Data entries:

(* Let $d$ and $k$ be positive integers. For all sufficiently large $n$, $f(n,n-k,d,2) = n-2d-k+3$.
   Context: All graphs are finite, simple and undirected. The order of a graph is its number of vertices. For a graph $G$ and positive integers $d, r$, let $f_G(d,r)$ be the largest integer $t$ such that in every coloring of the edges of $G$ with $r$ colors there is a monochromatic subgraph (all of its edges of one color) with minimum degree at least $d$ and order at least $t$. For integers $n > K > d$, let $f(n,K,d,r)$ be the minimum of $f_G(d,r)$ over all graphs $G$ with $n$ vertices and minimum degree at least $K$. *)

From mathcomp Require Import all_boot.
Set Implicit Arguments. Unset Strict Implicit. Unset Printing Implicit Defensive.

Section Graphs.
Variable T : finType.

Definition simple_graph (E : {set T * T}) : bool :=
  [forall x, forall y, ((x, y) \in E) == ((y, x) \in E)] &&
  [forall x, (x, x) \notin E].

Definition deg_in (E : {set T * T}) (S : {set T}) (v : T) : nat :=
  #|[set u in S | (v, u) \in E]|.

Definition mindeg_ge (E : {set T * T}) (K : nat) : bool :=
  [forall v, K <= deg_in E [set: T] v].

Definition edge_coloring (r : nat) (E : {set T * T}) (col : {ffun T * T -> 'I_r}) : bool :=
  [forall x, forall y, ((x, y) \in E) ==> (col (x, y) == col (y, x))].

Definition mono_sub (r : nat) (E : {set T * T}) (col : {ffun T * T -> 'I_r})
  (d : nat) (S : {set T}) (H : {set T * T}) (i : 'I_r) : bool :=
  [&& H \subset E, simple_graph H,
      [forall e in H, [&& e.1 \in S, e.2 \in S & col e == i]] &
      [forall v in S, d <= deg_in H S v]].

Definition good (E : {set T * T}) (d r t : nat) : bool :=
  [forall col : {ffun T * T -> 'I_r}, edge_coloring E col ==>
     [exists S : {set T}, exists H : {set T * T}, exists i : 'I_r,
        mono_sub E col d S H i && (t <= #|S|)]].

(* f_G(d,r): the largest such t (t = 0 always works via the empty subgraph,
   and t <= |V(G)| necessarily) *)
Definition fG (E : {set T * T}) (d r : nat) : nat :=
  \max_(t < #|T|.+1 | good E d r t) t.

End Graphs.

(* f(n,K,d,r): minimum of f_G(d,r) over graphs G of order n with minimum
   degree >= K; every graph of order n is isomorphic to one on 'I_n.
   (Default value n if no such graph exists, irrelevant when n > K.) *)
Definition f (n K d r : nat) : nat :=
  \big[minn/n]_(E : {set 'I_n * 'I_n} | simple_graph E && mindeg_ge E K) fG E d r.

From mathcomp Require Import all_boot zify.
Set Implicit Arguments. Unset Strict Implicit. Unset Printing Implicit Defensive.

(* Lower bound: in a red/blue colouring of a graph of minimum degree n - k,
   peel off, for each colour separately, a vertex with fewer than d neighbours
   of that colour among the remaining ones.  If neither peeling stops within
   m = 2d + k - 2 steps, the red-peeled set X and the blue-peeled set Y are
   disjoint by the degree condition, and counting the X-Y edges gives
   m (m - k + 1) <= 2 m (d - 1), which is false.  So one colour has a
   subgraph of minimum degree d on more than n - m vertices.
   Upper bound: on two blocks of p = 2d + k - 3 vertices, a circulant
   colouring gives every vertex of the first block fewer than d red edges and
   every vertex of the second fewer than d blue edges, so any monochromatic
   subgraph of minimum degree d misses a whole block. *)

Lemma leq_card_inj_itv (T : finType) (A : {set T}) (g : T -> nat) a b :
  {in A &, injective g} -> {in A, forall u, a <= g u < b} -> #|A| <= b - a.
Proof.
move=> g_inj g_itv; rewrite cardE -(size_map g) -(size_iota a (b - a)).
apply: uniq_leq_size => [|_ /mapP[u uA ->]].
  by rewrite map_inj_in_uniq ?enum_uniq // => u v; rewrite !mem_enum; apply: g_inj.
rewrite mem_enum in uA; rewrite mem_iota; have := g_itv u uA; lia.
Qed.
Lemma generator_vanishing_subspace : exists K : {vspace V},
  [/\ (K <= U)%VS, (n <= (\dim K).+1)%N &
      forall y, y \in K -> coord y (n.*2) = 0 /\ coord y (n.*2.+1) = 0].
Proof.
case: U_gen => dimU QU.
have range2n : (0 < n.*2 <= N)%N by lia.
have range2n1 : (0 < n.*2.+1 <= N)%N by lia.
suff [l hl K_vanish] : exists2 l, (0 < l <= N)%N &
    forall y, y \in (U :&: lker (coordfun F n l))%VS ->
      coord y (n.*2) = 0 /\ coord y (n.*2.+1) = 0.
  exists (U :&: lker (coordfun F n l))%VS; split=> //; first exact: capvSl.
  have dim_img : (\dim (coordfun F n l @: U) <= 1)%N.
    by have := dimvS (subvf (coordfun F n l @: U)); rewrite dimvf.
  by rewrite -{1}dimU -(limg_ker_dim (coordfun F n l) U) -[X in (_ <= X)%N]addn1 leq_add2l.
have [img0 | img_neq0] := eqVneq (coordfun F n (n.*2) @: U)%VS 0%VS.
  exists n.*2.+1 => [//| y /memv_capP[yU]]; rewrite coordfun_ker // => /eqP y2n1.
  split=> //; apply/eqP; rewrite -coordfun_ker // memv_ker.
  by rewrite -memv0 -img0 memv_img.
have /memv_imgP[u uU pick_u] := memv_pick (coordfun F n (n.*2) @: U)%VS.
have u2n : coord u (n.*2) != 0.
  by rewrite -coordfun_ker // memv_ker -pick_u vpick0.
exists n.*2 => [//| y /memv_capP[yU]]; rewrite coordfun_ker // => /eqP y2n.
split=> //; have := QformD delta mu u y char2.
rewrite !QU ?memvD // U_iso // y2n mulr0 addr0 !add0r => /esym/eqP.
by rewrite addr0 !mulf_eq0 (negPf mu_neq0) (negPf u2n) => /eqP.
Qed.

Section Meeting.
Variable K : {vspace V}.
Hypotheses (KU : (K <= U)%VS) (dimK : (n <= (\dim K).+1)%N).
Hypothesis K_vanish :
  forall y, y \in K -> coord y (n.*2) = 0 /\ coord y (n.*2.+1) = 0.

Let K0 := (K :&: lker (proj_low F n))%VS.

Lemma K0_Bmid x y : x \in K0 -> y \in K -> Bmid x y = 0.
Proof.
move=> /memv_capP[_]; rewrite memv_ker => /eqP x_low0 /K_vanish[y2n y2n1].
by rewrite Bmid_proj // x_low0 mul0mx mxE.
Qed.

Lemma K0_coord_ends x : x \in K0 -> coord x 1 = 0 /\ coord x N = 0.
Proof.
move=> xK0; have /memv_capP[xK _] := xK0; have [x2n x2n1] := K_vanish xK.
case: U_gen => _ /(_ x (subvP KU x xK)); rewrite QformE K0_Bmid // x2n x2n1 => Qx.
by apply: (irreducible_quadratic_anisotropic delta_irr); rewrite -Qx; ring.
Qed.

Lemma K0_B0 x y : x \in K0 -> y \in K ->
  B0 x y = (proj_low F n y *m (proj_high F n x)^T) 0 0.
Proof.
move=> xK0 yK; have /memv_capP[xK _] := xK0; have [x1 xN] := K0_coord_ends xK0.
have [x2n x2n1] := K_vanish xK.
by rewrite B0E K0_Bmid // x1 xN !mul0r !add0r -Bmid_proj.
Qed.

Lemma K0_line23 x : x \in K0 -> proj_high F n x = 0 -> in_line23 x.
Proof.
move=> xK0 x_high0 l hl l_neq2 l_neq3; have /memv_capP[xK] := xK0.
rewrite memv_ker => /eqP x_low0; have [x1 xN] := K0_coord_ends xK0.
have [x2n x2n1] := K_vanish xK.
have [l_lt4|l_ge4] := ltnP l 4; first by have -> : l = 1%N by lia.
have [l_le|l_gt] := leqP l n.+1; first by apply: proj_low_eq0 => //; lia.
have [l_lt|l_ge] := ltnP l n.*2; first by apply: proj_high_eq0 => //; lia.
have [->|l_neq2n] := eqVneq l n.*2; first by [].
have [->|l_neq2n1] := eqVneq l n.*2.+1; first by [].
by have -> : l = N by lia.
Qed.

Lemma subspace_meets_line23 : exists2 r, r \in K & r != 0 /\ in_line23 r.
Proof.
have [high_inj | high_ker] := eqVneq (K0 :&: lker (proj_high F n))%VS 0%VS; last first.
  have /memv_capP[rK0] := memv_pick (K0 :&: lker (proj_high F n)).
  rewrite memv_ker => /eqP r_high0.
  exists (vpick (K0 :&: lker (proj_high F n))); first by have /memv_capP[] := rK0.
  by rewrite vpick0; split=> //; exact: K0_line23.
have orth : (\dim (proj_low F n @: K) + \dim (proj_high F n @: K0) <= n - 2)%N.
  apply: dimv_orthogonal => _ _ /memv_imgP[y yK ->] /memv_imgP[x xK0 ->].
  have /memv_capP[xK _] := xK0.
  by rewrite -K0_B0 // U_iso // (subvP KU).
have := limg_ker_dim (proj_low F n) K.
move: orth; rewrite (limg_dim_eq high_inj) -/K0 => orth dimK0.
have : (n <= (n - 2).+1)%N by rewrite (leq_trans dimK) // ltnS -dimK0 addnC.
by lia.
Qed.

End Meeting.

Lemma generator_meets_line23 : exists r, [/\ r \in U, r != 0 & in_line23 r].
Proof.
have [K [KU dimK K_vanish]] := generator_vanishing_subspace.
have [r rK [r_neq0 r_line]] := subspace_meets_line23 KU dimK K_vanish.
by exists r; split=> //; exact: (subvP KU).
Qed.

End Generator.

Section Line23.
Variables (F : fieldType) (n : nat).
Local Notation V := 'rV[F]_(n.*2.+2).

Lemma line23_coord3 (r : V) : r != 0 -> in_line23 r -> coord r 2 = 0 -> coord r 3 != 0.
Proof.
move=> r_neq0 r_line r2; apply: contraNneq r_neq0 => r3.
apply/eqP/coord_inj => l hl; rewrite coord0.
have [->|l_neq2] := eqVneq l 2%N; first by [].
have [->|l_neq3] := eqVneq l 3%N; first by [].
exact: r_line.
Qed.

Lemma line23_proportional (r s : V) : r != 0 -> in_line23 r -> in_line23 s ->
  coord s 2 * coord r 3 = coord s 3 * coord r 2 -> exists c, s = c *: r.
Proof.
move=> r_neq0 r_line s_line cross.
suff [c s2 s3] : exists2 c, coord s 2 = c * coord r 2 & coord s 3 = c * coord r 3.
  exists c; apply: coord_inj => l hl; rewrite coordZ.
  have [->|l_neq2] := eqVneq l 2%N; first by [].
  have [->|l_neq3] := eqVneq l 3%N; first by [].
  by rewrite r_line ?s_line ?mulr0.
have [r2|r2] := eqVneq (coord r 2) 0.
  have r3 := line23_coord3 r_neq0 r_line r2.
  exists (coord s 3 / coord r 3); last by rewrite divfK.
  move: cross; rewrite r2 !mulr0 => /eqP.
  by rewrite mulf_eq0 (negPf r3) orbF => /eqP.
exists (coord s 2 / coord r 2); first by rewrite divfK.
by apply: (mulIf r2); rewrite mulrAC divfK // cross.
Qed.
Lemma transcript_senders lam lam' :
  [seq p.1 | p <- transcript e P lam] = [seq p.1 | p <- transcript e P lam'].
Proof.
have := congr1 (map fst) (transcript_shape lam).
have := congr1 (map fst) (transcript_shape lam').
by rewrite -!map_comp => -> ->.
Qed.

Lemma view_of_shape lam v :
  shape (view_of e P lam v) = [seq p.2 | p <- schedule P & cnbr e v p.1].
Proof.
rewrite /view_of /shape -(transcript_shape lam).
elim: (transcript e P lam) => //= [[a b] s IH] /=.
by case: (cnbr e v a) => //=; rewrite IH.
Qed.

End Execution.

Lemma eq_filter_fst (A B : Type) (Q : pred A) (s1 s2 : seq (A * B)) :
  [seq p.1 | p <- s1] = [seq p.1 | p <- s2] ->
  [seq p.2 | p <- s1 & Q p.1] = [seq p.2 | p <- s2 & Q p.1] ->
  [seq p <- s1 | Q p.1] = [seq p <- s2 | Q p.1].
Proof.
elim: s1 s2 => [|[a b] s1 IH] [|[a' b'] s2] //= [<- /IH {}IH].
by case: (Q a) => //= -[<- /IH ->].
Qed.

Section Fooling.
Variables (V : finType) (e : rel V) (k : nat) (P : protocol V k).
Variables (v : V) (x y : k.-tuple bool) (lam : V -> k.-tuple bool).
Hypothesis lam_v : lam v = x.
Hypothesis lam_other : forall w, w != v -> lam w = y.
(* The set $\mathcal{S}$ of all signatures of continuous bounded variation paths is a linearly independent subset of $T((V))$; that is, any finitely many pairwise distinct elements of $\mathcal{S}$ are linearly independent.
   Context: $V$ is a finite-dimensional real vector space and $T((V))=\prod_{k\ge0}V^{\otimes k}$ is the space of formal tensor series. For a continuous bounded variation path $\gamma$ and $s<t$, $S(\gamma)_{s,t}=1+\sum_{k\ge1}\int_{s<u_1<\dots<u_k<t}d\gamma_{u_1}\otimes\cdots\otimes d\gamma_{u_k}\in T((V))$, and $\mathcal{S}=\{S(\gamma)_{s,t}:\gamma\text{ continuous of bounded variation},\ s<t\}$. *)

From HB Require Import structures.
From mathcomp Require Import all_boot all_order all_algebra.
From mathcomp Require Import all_classical all_reals all_analysis.
Set Implicit Arguments. Unset Strict Implicit. Unset Printing Implicit Defensive.
Import Order.TTheory GRing.Theory Num.Theory.
Import numFieldNormedType.Exports.
Local Open Scope classical_set_scope.
Local Open Scope ring_scope.

(* V = R^d with standard basis e_0,...,e_{d-1}.  An element of
   T((V)) = prod_k V^{(x)k} is represented by its coefficients on the basis
   e_{i1} (x) ... (x) e_{ik} of V^{(x)k}, i.e. as a function from words
   (seq 'I_d, the empty word giving the degree-0 component) to R. *)
Definition tensor_series (R : realType) (d : nat) := seq 'I_d -> R.

Definition is_RS_integral (R : realType) (f g : R -> R) (a b I : R) : Prop :=
  forall e : R, 0 < e -> exists2 delta : R, 0 < delta &
    forall (n : nat) (x tau : nat -> R),
      x 0%N = a -> x n = b ->
      (forall j, (j < n)%N ->
         [/\ x j < x j.+1, x j.+1 - x j < delta & x j <= tau j <= x j.+1]) ->
      `| \sum_(j < n) f (tau j) * (g (x j.+1) - g (x j)) - I | < e.

(* The Riemann--Stieltjes integral \int_a^b f dg (0 when it does not exist). *)
Definition RS_int (R : realType) (f g : R -> R) (a b : R) : R :=
  xget 0 [set I | is_RS_integral f g a b I].

(* gamma i : R -> R is the i-th coordinate of the path.
   sig_rev gamma s r t, for r the REVERSED word [i_k; ...; i_1], is the
   iterated integral  int_{s<u1<...<uk<t} d gamma^{i1}_{u1} ... d gamma^{ik}_{uk},
   computed recursively:  X^{w i}_{s,t} = int_s^t X^{w}_{s,u} d gamma^{i}_u. *)
Fixpoint sig_rev (R : realType) (d : nat) (gamma : 'I_d -> R -> R) (s : R)
    (r : seq 'I_d) (t : R) : R :=
  match r with
  | [::] => 1
  | i :: r' => RS_int (fun u => sig_rev gamma s r' u) (gamma i) s t
  end.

▶ Exercise description:
From the records above, retype only the lines starting at the line that contains "Lemma K0_B0 x y : x \in K0 -> y \in K ->" and ending at the line that contains "exists (vpick (K0", both included.

▶ Expected answer:
Lemma K0_B0 x y : x \in K0 -> y \in K ->
  B0 x y = (proj_low F n y *m (proj_high F n x)^T) 0 0.
Proof.
move=> xK0 yK; have /memv_capP[xK _] := xK0; have [x1 xN] := K0_coord_ends xK0.
have [x2n x2n1] := K_vanish xK.
by rewrite B0E K0_Bmid // x1 xN !mul0r !add0r -Bmid_proj.
Qed.

Lemma K0_line23 x : x \in K0 -> proj_high F n x = 0 -> in_line23 x.
Proof.
move=> xK0 x_high0 l hl l_neq2 l_neq3; have /memv_capP[xK] := xK0.
rewrite memv_ker => /eqP x_low0; have [x1 xN] := K0_coord_ends xK0.
have [x2n x2n1] := K_vanish xK.
have [l_lt4|l_ge4] := ltnP l 4; first by have -> : l = 1%N by lia.
have [l_le|l_gt] := leqP l n.+1; first by apply: proj_low_eq0 => //; lia.
have [l_lt|l_ge] := ltnP l n.*2; first by apply: proj_high_eq0 => //; lia.
have [->|l_neq2n] := eqVneq l n.*2; first by [].
have [->|l_neq2n1] := eqVneq l n.*2.+1; first by [].
by have -> : l = N by lia.
Qed.

Lemma subspace_meets_line23 : exists2 r, r \in K & r != 0 /\ in_line23 r.
Proof.
have [high_inj | high_ker] := eqVneq (K0 :&: lker (proj_high F n))%VS 0%VS; last first.
  have /memv_capP[rK0] := memv_pick (K0 :&: lker (proj_high F n)).
  rewrite memv_ker => /eqP r_high0.
  exists (vpick (K0 :&: lker (proj_high F n))); first by have /memv_capP[] := rK0.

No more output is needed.